Repent Sinner

Rodeo cowboys are notorious for their practical jokes. Pranks are a way of life and most of them are fun if a little over the top. Revenge can be equally over the top so the prank war becomes a never-ending friendly feud.

It’s even worse in our family because my children were raised on wholesome mother’s milk and weaned on warped humor.

Will and I were out one Sunday morning and decided to swing by Brandon’s trailer to see if he wanted to go out to breakfast. His pickup and a cute little compact car were parked in front of the trailer. This meant one of two things, Brandon had a rodeo cowboy bunking with him or he had a girlfriend. This isn’t unusual as cowboys often stay with each other or a cowboy’s family when in town. It’s also not unusual to have a girl spend the night, but their private lives are theirs and I don’t interfere…much.

I assessed the situation. If it was a cowboy, he might appreciate breakfast, but he would probably appreciate sleep more. If it was a girl, she probably would be embarrassed to have me show up on the doorstep.

“Let’s shoe polish their outfits,” I said to Will.

Will, being very familiar with Brandon’s long memory and level of revenge, wisely opted out of the fun.

I went to the local convenience store, bought some shoe polish and returned. The car wasn’t hard as it was small and I could easily write across the windows. The pickup was another matter. It was taller and I am short. I tried to get Will to help me up on the truck, but he wouldn’t even do that. Did I mention he has a healthy respect for Brandon?

I finally crawled up on the pickup hood and wrote “Repent Sinner!” all over the windshield and windows just as I had the car. I’m not sure why that particular phrase caught my attention, but it did.

Brandon, being Brandon, assumed one of his rodeo buddies had done the deed even though all of them denied it. He decided since none of them would fess up, he would just get them all and make sure he got the right one. It’s called a scorched earth policy.

He was at the house a few weeks later and I let something slip. His eyes narrowed. “Were you at the trailer a few weeks ago on a Sunday morning?”

“I might have been.”

“It was you!”

Will’s eyes widened. “I had nothing to do with it.”

Brandon watched me for a while and then said, “That would have been the perfect trick if you hadn’t given yourself away. I already nailed Shrek for it.”
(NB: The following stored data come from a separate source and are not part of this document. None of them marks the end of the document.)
(* Either [2 ln M <= r/2 - 3], or [M] is so large that [M e^(-r/10)] dominates polynomially. *)
Lemma log_le_exp_decay : 3 + 2 * ln (INR M) - r / 2 <= INR M * exp (- r / 10) / (7 * r).
Proof.
  set (x := ln (INR M)). assert (HMx : INR M = exp x) by (unfold x; rewrite exp_ln; lra).
  assert (Hx0 : 0 <= x) by (unfold x; rewrite <- ln_1; apply ln_le; lra).
  assert (Hpos : 0 < INR M * exp (- r / 10) / (7 * r))
    by (apply Rdiv_lt_0_compat; [apply Rmult_lt_0_compat; [lra|apply exp_pos]| lra]).
  destruct (Rle_dec (2 * x) (r / 2 - 3)) as [Hc|Hc]; [lra|]. apply Rnot_le_lt in Hc.
  set (y := 6/10 * x - 6/10).
  assert (Hy : 148 <= y) by (unfold y; lra).
  assert (Hpoly : 7 * (4 * x + 6) * (3 + 2 * x) <= y ^ 4 / 24).
  { assert (E : 7 * (4 * x + 6) * (3 + 2 * x) = 14 * (2 * y + 3) ^ 2 / (36/100)) by (unfold y; field).
    rewrite E. assert ((2 * y + 3) ^ 2 <= (21/10 * y) ^ 2) by (apply pow_incr; lra).
    assert (y ^ 2 >= 148 ^ 2) by (apply Rle_ge; apply pow_incr; lra).
    assert (y ^ 4 = y ^ 2 * y ^ 2) by ring. nra. }
  assert (Hey : exp y <= INR M * exp (- r / 10)).
  { rewrite HMx, <- exp_plus. apply exp_le_exp. unfold y. lra. }
  assert (Hey4 := exp_ge_pow4 y ltac:(lra)).
  assert (H2 : INR M * exp (- r / 10) / (7 * (4 * x + 6)) <= INR M * exp (- r / 10) / (7 * r)).
  { unfold Rdiv. apply Rmult_le_compat_l; [left; apply Rmult_lt_0_compat; [lra|apply exp_pos]|].
    apply Rinv_le_contravar; lra. }
  assert (H3 : 3 + 2 * x <= INR M * exp (- r / 10) / (7 * (4 * x + 6))).
  { apply (Rmult_le_reg_r (7 * (4 * x + 6))); [lra|].
    unfold Rdiv. rewrite Rmult_assoc, Rinv_l by lra. nra. }
  lra.
Qed.

Lemma second_moment_excess_le_small_n lnk : INR M * r = 7/2 * lnk ->
  exp 1 * INR M ^ 2 * exp (- r / 2) * exp (2 * INR L) <= exp (lnk / r ^ 2 * exp (- r / 10)).
Proof.
  intros HMr.
  assert (HMx : INR M ^ 2 = exp (2 * ln (INR M))).
  { replace (2 * ln (INR M)) with (ln (INR M) + ln (INR M)) by ring.
    rewrite exp_plus, exp_ln by lra. ring. }
  rewrite HMx, <- !exp_plus. apply exp_le_exp.
  assert (HG : lnk / r ^ 2 * exp (- r / 10)
               = INR M * exp (- r / 10) / (7 * r) + INR M * exp (- r / 10) / (7 * r)).
  { replace lnk with (INR M * r / (7/2)) by lra. field. lra. }
  rewrite HG.
  assert (Hi := exp_linear_le). assert (Hii := log_le_exp_decay).
  assert (2 * INR M * exp (1 - 7/10 * r) <= INR M * exp (- r / 10) / (7 * r)).
  { apply (Rmult_le_reg_r (7 * r)); [lra|].
    replace (INR M * exp (- r / 10) / (7 * r) * (7 * r)) with (INR M * exp (- r / 10)) by (field; lra).
    nra. }
  lra.
Qed.
(* Let $F$ be a formal group law over a ring $R$ such that the $n$-series $[n]_F(t)\in R[[t]]$ is not a zero-divisor for any $n>0$. Then the GNS $s(n)=[n]_F(t)$ on $R[[t]]$ is Lucasian: $s(a+b)\equiv s(a)+s(b)\bmod s(a)s(b)$ for all $a,b\in\mathbf N$.
   Context: A generalized $n$-series (GNS) over a ring $D$ is a function $s\colon\mathbf N\to D$ with $s(0)=0$, $s(n)$ a non-zero-divisor for $n>0$, and $s(n-k)\mid s(n)-s(k)$ for all $n>k>0$. A GNS $s$ is Lucasian if $s(a+b)\equiv s(a)+s(b)\bmod s(a)s(b)$ for all $a,b$. Here $[n]_F(t)$ is the $n$-fold formal sum of $t$ with itself. *)

From HB Require Import structures.
From mathcomp Require Import all_boot all_order all_algebra.
From mathcomp Require Import mpoly.
Set Implicit Arguments. Unset Strict Implicit. Unset Printing Implicit Defensive.
Import GRing.Theory.
Local Open Scope ring_scope.

(* Formal power series in k variables over R: coefficient functions on
   monomials.  Equality of series is pointwise equality of coefficients. *)
Definition series (k : nat) (R : comNzRingType) := 'X_{1..k} -> R.

Section Series.
Context (R : comNzRingType).

Definition strunc k (f : series k R) (d : nat) : {mpoly R[k]} :=
  \sum_(m : 'X_{1..k < d.+1}) f (val m) *: 'X_[val m].

Definition seq_series k (f g : series k R) := forall m, f m = g m.

Definition szero k : series k R := fun _ => 0.

Definition svar k (i : 'I_k) : series k R :=
  fun m => if m == U_(i)%MM then 1 else 0.

(* substitution F(G, H) of series G, H (with zero constant term) into a
   bivariate series F: the coefficient of m only depends on the truncations
   to total degree mdeg m. *)
Definition scomp2 k (F : series 2 R) (G H : series k R) : series k R :=
  fun m => (strunc F (mdeg m) \mPo [tuple strunc G (mdeg m); strunc H (mdeg m)])@_m.

Definition smul k (f g : series k R) : series k R :=
  fun m => (strunc f (mdeg m) * strunc g (mdeg m))@_m.

Definition ssub k (f g : series k R) : series k R := fun m => f m - g m.

Definition sdvd k (a b : series k R) := exists c : series k R, seq_series b (smul c a).

Definition snzd k (a : series k R) :=
  forall g : series k R, seq_series (smul a g) (@szero k) -> seq_series g (@szero k).

(* One-dimensional commutative formal group law:
   F(x,y) = x + y + (terms of degree >= 2), F(x,y) = F(y,x),
   F(F(x,y),z) = F(x,F(y,z)). *)
Definition is_fgl (F : series 2 R) :=
  [/\ (forall m, (mdeg m <= 1)%N ->
        F m = (if m == U_(ord0)%MM then 1 else 0) + (if m == U_(1 : 'I_2)%MM then 1 else 0)),
      seq_series (scomp2 F (svar 1) (svar 0)) F &
      seq_series (scomp2 F (scomp2 F (svar (0 : 'I_3)) (svar 1)) (svar 2))
                 (scomp2 F (svar 0) (scomp2 F (svar 1) (svar 2)))].

Fixpoint nseries (F : series 2 R) (n : nat) : series 1 R :=
  match n with
  | 0 => @szero 1
  | n'.+1 => scomp2 F (nseries F n') (svar ord0)
  end.

Definition is_GNS (s : nat -> series 1 R) :=
  [/\ seq_series (s 0%N) (@szero 1),
      (forall n, (0 < n)%N -> snzd (s n)) &
      (forall n k, (0 < k)%N -> (k < n)%N -> sdvd (s (n - k)%N) (ssub (s n) (s k)))].

Definition lucasian (s : nat -> series 1 R) :=
  forall a b : nat, sdvd (smul (s a) (s b)) (ssub (ssub (s (a + b)%N) (s a)) (s b)).

End Series.

From HB Require Import structures.
From mathcomp Require Import all_boot all_order all_algebra.
From mathcomp Require Import mpoly.
From mathcomp Require Import zify ring.
Set Implicit Arguments. Unset Strict Implicit. Unset Printing Implicit Defensive.
Import GRing.Theory.
Local Open Scope ring_scope.

(* Write F(x, y) = x + y + x y G(x, y).  This is possible because F(x, 0) = x and
   F(0, y) = y, which follow from associativity: Q(x) := F(x, 0) satisfies
   Q(Q(x)) = F(x, F(0, 0)) = Q(x) and Q(x) = x + O(x^2), which forces Q(x) = x.
   Associativity also gives [a + b](t) = F([a](t), [b](t)), hence
   [a + b] - [a] - [b] = [a] [b] G([a], [b]), the Lucas congruence, and
   [n] - [k] = [n - k] (1 + [k] G([n - k], [k])), the divisibility required of a GNS.
   Identities between power series are checked degree by degree on their polynomial
   truncations. *)

Section OrderGe.
Context (R : nzRingType) (n : nat).
Implicit Types (p q : {mpoly R[n]}).

Definition order_ge (j : nat) p :=
  forall m : 'X_{1..n}, (mdeg m < j)%N -> p@_m = 0.

Lemma order_ge0 j : order_ge j (0 : {mpoly R[n]}).
Proof. by move=> m _; rewrite mcoeff0. Qed.

Lemma order_geW i j p : (i <= j)%N -> order_ge j p -> order_ge i p.
Proof. by move=> ij hp m hm; apply: hp; apply: leq_trans ij. Qed.

Lemma order_geD j p q : order_ge j p -> order_ge j q -> order_ge j (p + q).
Proof. by move=> hp hq m hm; rewrite mcoeffD hp // hq // addr0. Qed.

Lemma order_geN j p : order_ge j p -> order_ge j (- p).
Proof. by move=> hp m hm; rewrite mcoeffN hp // oppr0. Qed.

Lemma order_geB j p q : order_ge j p -> order_ge j q -> order_ge j (p - q).
Proof. by move=> hp hq; apply/order_geD/order_geN. Qed.

Lemma order_geZ j c p : order_ge j p -> order_ge j (c *: p).
Proof. by move=> hp m hm; rewrite mcoeffZ hp // mulr0. Qed.

Lemma order_ge_sum (I : Type) (r : seq I) (P : pred I) (G : I -> {mpoly R[n]}) j :
  (forall i, P i -> order_ge j (G i)) -> order_ge j (\sum_(i <- r | P i) G i).
Proof. by move=> hG; apply: big_ind => //; [apply: order_ge0 | apply: order_geD]. Qed.

Lemma order_geM i j p q :
  order_ge i p -> order_ge j q -> order_ge (i + j) (p * q).
Proof.
move=> hp hq m hm; rewrite mcoeffM big1 // => -[a b] /= /eqP m_ab.
have : (mdeg a + mdeg b < i + j)%N by rewrite -mdegD -m_ab.
have [a_lt _ | a_ge ab_lt] := ltnP (mdeg a) i; first by rewrite hp ?mul0r.
by rewrite hq ?mulr0 //; lia.
Qed.

Lemma order_geXn i p k : order_ge i p -> order_ge (i * k) (p ^+ k).
Proof.
move=> hp; elim: k => [|k IH]; first by rewrite muln0.
by rewrite exprS mulnS; apply: order_geM.
Qed.

Lemma order_ge_prod (I : finType) (d : I -> nat) (G : I -> {mpoly R[n]}) :
  (forall i, order_ge (d i) (G i)) -> order_ge (\sum_i d i) (\prod_i G i).
Proof.
by move=> hG; apply: (big_ind2 order_ge) => // *; apply: order_geM.
Qed.

Lemma order_ge1X (i : 'I_n) : order_ge 1 'X_i.
Proof.
move=> m; rewrite ltnS leqn0 mdeg_eq0 => /eqP ->; rewrite mcoeffX.
by case: eqP => // /(congr1 mdeg); rewrite mdeg1 mdeg0.
Qed.

Definition eq_upto (e : nat) p q := order_ge e.+1 (p - q).

Lemma eq_uptoP e p q :
  eq_upto e p q <-> (forall m, (mdeg m <= e)%N -> p@_m = q@_m).
Proof.
split=> [h m hm | h m hm]; last by rewrite mcoeffB h ?subrr.
by apply/eqP; rewrite -subr_eq0 -mcoeffB h.
Qed.

Lemma eq_upto_mcoeff e p q m :
  eq_upto e p q -> (mdeg m <= e)%N -> p@_m = q@_m.
Proof. by move/eq_uptoP; apply. Qed.

Lemma eq_upto_refl e p : eq_upto e p p.
Proof. by rewrite /eq_upto subrr; apply: order_ge0. Qed.

Lemma eq_upto_sym e p q : eq_upto e p q -> eq_upto e q p.
Proof. by move=> h; rewrite /eq_upto -opprB; apply: order_geN. Qed.

Lemma eq_upto_trans e q p r : eq_upto e p q -> eq_upto e q r -> eq_upto e p r.
Proof. by move=> pq qr; rewrite /eq_upto -(subrK q p) -addrA; apply: order_geD. Qed.

Lemma eq_uptoW d e p q : (d <= e)%N -> eq_upto e p q -> eq_upto d p q.
Proof. by move=> de; apply: order_geW. Qed.

Lemma eq_uptoD e p p' q q' :
  eq_upto e p p' -> eq_upto e q q' -> eq_upto e (p + q) (p' + q').
Proof. by move=> hp hq; rewrite /eq_upto opprD addrACA; apply: order_geD. Qed.

Lemma eq_uptoZ e c p p' : eq_upto e p p' -> eq_upto e (c *: p) (c *: p').
Proof. by move=> h; rewrite /eq_upto -scalerBr; apply: order_geZ. Qed.

Lemma eq_uptoM e p p' q q' :
  eq_upto e p p' -> eq_upto e q q' -> eq_upto e (p * q) (p' * q').
Proof.
move=> hp hq; rewrite /eq_upto; have -> : p * q - p' * q' = (p - p') * q + p' * (q - q').
  by rewrite mulrBl mulrBr addrA subrK.
by apply: order_geD; [rewrite -(addn0 e.+1) | rewrite -(add0n e.+1)];
  apply: order_geM.
Qed.

Lemma eq_uptoXn e p p' k : eq_upto e p p' -> eq_upto e (p ^+ k) (p' ^+ k).
Proof.
move=> h; elim: k => [|k IH]; first exact: eq_upto_refl.
by rewrite !exprS; apply: eq_uptoM.
Qed.

Lemma eq_upto_sum (I : Type) (r : seq I) (P : pred I) (G G' : I -> {mpoly R[n]}) e :
  (forall i, P i -> eq_upto e (G i) (G' i)) ->
  eq_upto e (\sum_(i <- r | P i) G i) (\sum_(i <- r | P i) G' i).
Proof.
by move=> h; apply: (big_ind2 (eq_upto e)) => //; [apply: eq_upto_refl | apply: eq_uptoD].
Qed.

Lemma eq_upto_prod (I : finType) (G G' : I -> {mpoly R[n]}) e :
  (forall i, eq_upto e (G i) (G' i)) -> eq_upto e (\prod_i G i) (\prod_i G' i).
Proof.
by move=> h; apply: (big_ind2 (eq_upto e)) => //; [apply: eq_upto_refl | apply: eq_uptoM].
Qed.

End OrderGe.

Section Composition.
Context (R : comNzRingType) (n k : nat).
Implicit Types (p q : {mpoly R[n]}) (qs : n.-tuple {mpoly R[k]}).

Lemma order_ge_compX a qs (m : 'X_{1..n}) :
  (forall i, order_ge a (tnth qs i)) -> order_ge (mdeg m * a) ('X_[m] \mPo qs).
Proof.
move=> hqs; rewrite comp_mpolyX mdegE big_distrl /=.
by apply: order_ge_prod => i; rewrite mulnC; apply: order_geXn.
Qed.

Lemma order_ge_comp a j p qs :
  (forall i, order_ge a (tnth qs i)) -> order_ge j p -> order_ge (j * a) (p \mPo qs).
Proof.
move=> hqs hp; rewrite comp_mpolyEX big_seq; apply: order_ge_sum => m.
rewrite mcoeff_msupp => pm; apply/order_geZ/(order_geW _ (order_ge_compX (m := m) hqs)).
by rewrite leq_mul2r leqNgt; apply/orP; right; apply: contra pm => /hp ->.
Qed.

Lemma eq_upto_comp e p p' qs qs' : eq_upto e p p' ->
  (forall i, order_ge 1 (tnth qs i)) -> (forall i, eq_upto e (tnth qs i) (tnth qs' i)) ->
  eq_upto e (p \mPo qs) (p' \mPo qs').
Proof.
move=> pp' qs1 qsqs'; apply: (@eq_upto_trans _ _ _ (p' \mPo qs)).
  by rewrite /eq_upto -comp_mpolyB -[e.+1]muln1; apply: order_ge_comp.
rewrite !comp_mpolyEX; apply: eq_upto_sum => m _; apply: eq_uptoZ.
by rewrite !comp_mpolyX; apply: eq_upto_prod => i; apply: eq_uptoXn.
Qed.

Lemma comp_mpolyA (j : nat) p qs (rs : k.-tuple {mpoly R[j]}) :
  (p \mPo qs) \mPo rs = p \mPo [tuple tnth qs i \mPo rs | i < n].
Proof.
rewrite (comp_mpolyEX p qs) (comp_mpolyEX p) raddf_sum /=; apply: eq_bigr => m _.
rewrite !comp_mpolyZ !comp_mpolyX rmorph_prod /=; congr (_ *: _).
by apply: eq_bigr => i _; rewrite rmorphXn /= tnth_mktuple.
Qed.

End Composition.

Section BinaryComposition.
Context (R : comNzRingType) (k : nat).
Implicit Types (p : {mpoly R[2]}) (a b : {mpoly R[k]}).

Lemma eq_upto_comp2 e p p' a a' b b' : eq_upto e p p' ->
  order_ge 1 a -> order_ge 1 b -> eq_upto e a a' -> eq_upto e b b' ->
  eq_upto e (p \mPo [tuple a; b]) (p' \mPo [tuple a'; b']).
Proof. by move=> pp' a1 b1 aa' bb'; apply: eq_upto_comp => // -[[|[|]]]. Qed.

Lemma order_ge_comp2 j p a b :
  order_ge 1 a -> order_ge 1 b -> order_ge j p -> order_ge j (p \mPo [tuple a; b]).
Proof. by move=> a1 b1 hp; rewrite -[j]muln1; apply: order_ge_comp => // -[[|[|]]]. Qed.

Lemma comp_mpoly2A (j : nat) p a b (rs : k.-tuple {mpoly R[j]}) :
  (p \mPo [tuple a; b]) \mPo rs = p \mPo [tuple a \mPo rs; b \mPo rs].
Proof.
by rewrite comp_mpolyA; congr (_ \mPo _); apply: eq_from_tnth => -[[|[|]]] //= ?;
  rewrite tnth_mktuple.
Qed.

End BinaryComposition.

Section OneVariable.
Context (R : comNzRingType).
I shrugged. Poor Shrek, he was always getting tricks pulled on him. Shrek was a very large, but mostly amiable bull fighter. Luckily, Brandon was concentrating on riding bareback horses or Shrek might have let him hang and rattle a bit longer on a bull after some of the stunts Brandon pulled on him.

“Did your girl think it was funny?” I asked.

“Not really. She freaked out. I haven’t seen her since.”

“Why would she freak out? It’s just shoe polish.”

“She’s a preacher’s daughter. She thought a parishioner caught her.”

Will laughed and assured Brandon again he had nothing to do with it.

“She really was cute.” Brandon tapped his fingers on the table a bit, deep in thought. “I’m impressed. I didn’t think you had it in you.”


  1. “She’s a preacher’s daughter. She thought a parishioner caught her.”

    Oh my God, that’s hysterical! Julie, I loooove Far Rider, but I wonder if you might think of writing a novel in a backdrop like your own life because your real life humor and voice is priceless.